I really don't know what advice I can offer, but it sounds as though you've really been a supportive wife. My husband, too, got wierd when he turned 40. His behavior started out much like your husbands and just got worse. He's now 43 and moved out 3 months ago--he may as well just live on another planet. He says he still loves me but not in love with me. Perhaps you should try couple's counseling; we should have gone before our problem got soooo bad.

Hang in there!


----------



## draconis (Oct 3, 2007)

It seems to me that he is telling you what you want to hear, and what you need to hear for him to stay with you. There is no reason he should be keeping this up or treating you this bad. His emotional affair is causing the rift in your marriage. He needs to make a clear choice.

draconis


----------



## cao428 (Jun 26, 2008)

Hi Precious,

Maybe you shouldn't be trying so hard and make him think about the fact he might lose you?
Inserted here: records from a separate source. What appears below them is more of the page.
Lemma le_Tri a b (X Y : V -> Prop) : nonempty X ->
  (Tri a X a ≤ Tri b Y b <-> exists d, a = b ++ d /\ subset X (r Y d)).
Proof.
  intro HX; unfold leS.
  destruct (classic (exists c, b = a ++ c)) as [[c ->]|H1].
  { rewrite mul_prefix; split.
    - intro H; destruct (classic (nonempty (setI (r X c) Y))) as [HW|HW];
        [rewrite mk_nonempty in H by auto | rewrite mk_empty in H by auto; discriminate].
      injection H as Hc HXY; symmetry in Hc; apply app_eq_self_nil in Hc; subst c.
      exists nil; rewrite !app_nil_r, rrel_nil; split; auto.
      rewrite <- HXY, rrel_nil; intros v [_ Hv]; auto.
    - intros [d [Hd Hs]]; rewrite <- app_assoc in Hd.
      apply app_eq_self_nil, app_eq_nil in Hd as [-> ->].
      rewrite app_nil_r, rrel_nil in *; rewrite setI_eq_l, mk_nonempty; auto. }
  destruct (classic (exists c, a = b ++ c)) as [[c ->]|H2].
  { rewrite mul_extension; split.
    - intro H; destruct (classic (nonempty (setI (r Y c) X))) as [HW|HW];
        [rewrite mk_nonempty in H by auto | rewrite mk_empty in H by auto; discriminate].
      injection H as HYX; exists c; split; auto.
      rewrite <- HYX; intros v [Hv _]; auto.
    - intros [d [Hd Hs]]; apply app_inv_head in Hd; subst d.
      rewrite setI_comm, setI_eq_l, mk_nonempty; auto. }
  rewrite mul_incomparable by auto; split; [discriminate | firstorder].
Qed.

Lemma Zero_le (x : S) : Zero ≤ x.
Proof. reflexivity. Qed.

Lemma le_Zero (x : S) : x ≤ Zero -> x = Zero.
Proof. unfold leS; rewrite mul_Zero_r; auto. Qed.

Lemma mk_le a b d (W Y : V -> Prop) :
  a = b ++ d -> subset W (r Y d) -> mk a W a ≤ Tri b Y b.
Proof.
  intros Ha Hs; destruct (classic (nonempty W)) as [HW|HW].
  - rewrite mk_nonempty by auto; apply le_Tri; eauto.
  - rewrite mk_empty by auto; apply Zero_le.
Qed.

Lemma le_refl x : IE x -> x ≤ x.
Proof.
  intro Hx; destruct (inES_cases x Hx) as [->|[a [X [-> [_ [HX _]]]]]]; [apply Zero_le|].
  rewrite <- (mk_nonempty a X a) at 1 by auto.
  apply (mk_le a a nil); [rewrite app_nil_r | rewrite rrel_nil; intros v]; auto.
Qed.
(* Each of the 3n - 2 ordered pairs of equal or adjacent layers contributes
   2 lambda(G), by submodularity when the layers differ. *)
Lemma cut_count_separated_fibres Z u w :
  (forall k, (u, k) \in Z) -> (forall k, (w, k) \notin Z) ->
  2 * ((3 * n - 2) * edge_conn g) <= cut_count H Z.
Proof.
move=> uZ wZ; rewrite cut_count_layers -sum_closed_deg mulnCA big_distrl /=.
apply: leq_sum => i _; rewrite -sum_closed_adj big_distrl /=; apply: leq_sum => j _.
case ij: (closed_adj i j); rewrite ?mul0n // mul1n.
apply: leq_trans (layer_cut_ge _ ij).
by apply: (cross_count_ge_edge_conn gsym (x := u) (y := w)); rewrite !inE ?uZ ?(negbTE (wZ _)).
Qed.

(* An edge kk' of P_n on which the fibre of [v] leaves [Z] makes two of the four
   pairs between {(v,k), (v,k')} and {(w,k), (w,k')} cut pairs. *)
Lemma fibre_cut_ge2 Z v w i i' : (v == w) || g v w ->
  (v, i) \in Z -> (v, i') \notin Z -> 2 <= fibre_cut Z v w.
Proof.
move=> vw vi vi'.
have [k [k' /andP[kk' Zkk']]] :
    exists k k', path_graph n k k' && (((v, k) \in Z) != ((v, k') \in Z)).
  by apply: (@path_graph_boundary _ (fun k => (v, k) \in Z) i i'); rewrite vi (negbTE vi').
apply: leq_trans (leq_sum2_pair (fun k l => cut_pair Z (v, k) (w, l)) (path_graph_neq kk')).
rewrite /cut_pair !strong_pathE /closed_adj kk' (path_graph_sym k' k) kk' !eqxx !orbT.
move: Zkk'; case/orP: vw => [/eqP <-|gvw]; rewrite ?eqxx ?path_graph_irr.
  by case: ((v, k) \in Z); case: ((v, k') \in Z).
rewrite (negbTE (irreflexive_neq girr gvw)) gvw /=.
by case: ((v, k) \in Z); case: ((v, k') \in Z); case: ((w, k) \in Z); case: ((w, k') \in Z).
Qed.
I have been doing much research on men and how they view their wives and how these affairs happen. What I have been reading is that the more we are wonderful, loving and nurturing, and do everything for our mates, sometimes the more we push them away because we are too available. Is it because man loves the conquest, the challenge to make him feel good about himself? At least this seems to be a part of it.
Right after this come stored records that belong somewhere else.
(* For every $n\ge1$, $\lambda^{(0)}_{2n-1}\equiv0$, and $$\lambda^{(0)}_{2n}(t,c)=\frac{p_{2n}(\lambda_0,c)}{(4\lambda_0^3-c)^{5n-1}}$$ for some polynomial $p_{2n}\in\mathbb C[\lambda_0,c]$ whose degree in $\lambda_0$ is at most $9n-2$.
   Context: Let $\eta$ be a large parameter and $c\in\mathbb C$. The Hamiltonian system $(H_{\rm II})$: $\frac{d\lambda}{dt}=\eta\nu$, $\frac{d\nu}{dt}=\eta(2\lambda^3+t\lambda+c)$. Let $\lambda_0(t,c)$ be a branch of the algebraic function defined by $2\lambda_0^3+t\lambda_0+c=0$ (so $6\lambda_0^2+t=(4\lambda_0^3-c)/\lambda_0$). The 0-parameter solution is the unique pair of formal power series $\lambda^{(0)}=\sum_{k\ge0}\eta^{-k}\lambda^{(0)}_k(t,c)$, $\nu^{(0)}=\sum_{k\ge0}\eta^{-k}\nu^{(0)}_k(t,c)$ solving $(H_{\rm II})$ formally with $\lambda^{(0)}_0=\lambda_0$, $\nu^{(0)}_0=0$; equivalently $(6\lambda_0^2+t)\lambda^{(0)}_k+2\sum_{k_1+k_2+k_3=k,\,0\le k_j<k}\lambda^{(0)}_{k_1}\lambda^{(0)}_{k_2}\lambda^{(0)}_{k_3}=\frac{d^2\lambda^{(0)}_{k-2}}{dt^2}$ for $k\ge1$ (with $\lambda^{(0)}_{-1}=0$). *)

From HB Require Import structures.
From mathcomp Require Import all_boot all_order all_algebra all_field.
Set Implicit Arguments. Unset Strict Implicit. Unset Printing Implicit Defensive.
Import Order.TTheory GRing.Theory Num.Theory.
Local Open Scope ring_scope.

(* Evaluation of a two-variable polynomial p(X, Y) with complex (algC)
   coefficients, represented as p : {poly {poly algC}} whose OUTER variable is X
   (so the degree in X is (size p).-1) and inner variable is Y, at a point
   (x, y) of a commutative algC-algebra R. *)
Definition eval2 (R : comUnitAlgType algC) (p : {poly {poly algC}}) (x y : R) : R :=
  (map_poly (fun q : {poly algC} => (map_poly (fun a : algC => a%:A) q).[y]) p).[x].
deconis, am I off on this? Maybe it depends on the type of man.:scratchhead:

Maybe too much like mother...I am exploring this for my own marriage. Have I been too nice?


----------



## Precious (Jul 16, 2008)

We have gone to counseling. He is very open and affectionat while we are there. I've discussed separation and it wouldn't be difficult as we own two houses, he just says that if we're going to work it out we need to stay together. I interprete (sp?) that as if I leave he would be ok with that and wouldn't put anymore effort into our saving our marriage. I'm not certain but I feel that he should have to win me back (even though I'm hopelessly in love with him). I think I just want to prove to myself that he will or will not go out of his way to fight for me. Will he miss me? Will he need me? Cao428, your right in six years of marriage he has never heard the word no from me. What ever he wants it happens. He has never went out of his way to surprise me. If we go out I plan it. If we go on a trip I do it. I surprise him with event tickets and weekend trips at least once a year. He is a wonderful father and provider for our home. He takes care of the house and vehicles. He just doesn't put any effort into the marriage relationship and this has become very important to me. I had decided to just live with it and accept that it just wasn't his nature but then I find that all the thing I want and desire he is doing for someone else. It really has become a problem with me. I have memorized emails that he sent to her and things that he said to her and I can not get it out of my head. I have never been a jealous person and before I found out what was going on the two of us actually had a conversation once about this person being "hot". He actually looked me in the face and told me she was hot! Which at the time didn't mean anything to me because I just thought it's ok for people to look. I never dreamed he was beginning to have a relationship with her. Now, four months after discovering this, I'm getting angry and I feel myself withdrawing from my marriage. I love him more than anything but I want him to hurt. I want HIM to have to fight for our marriage but deep down I know he won't. I know that if we seperate now it will be over.


----------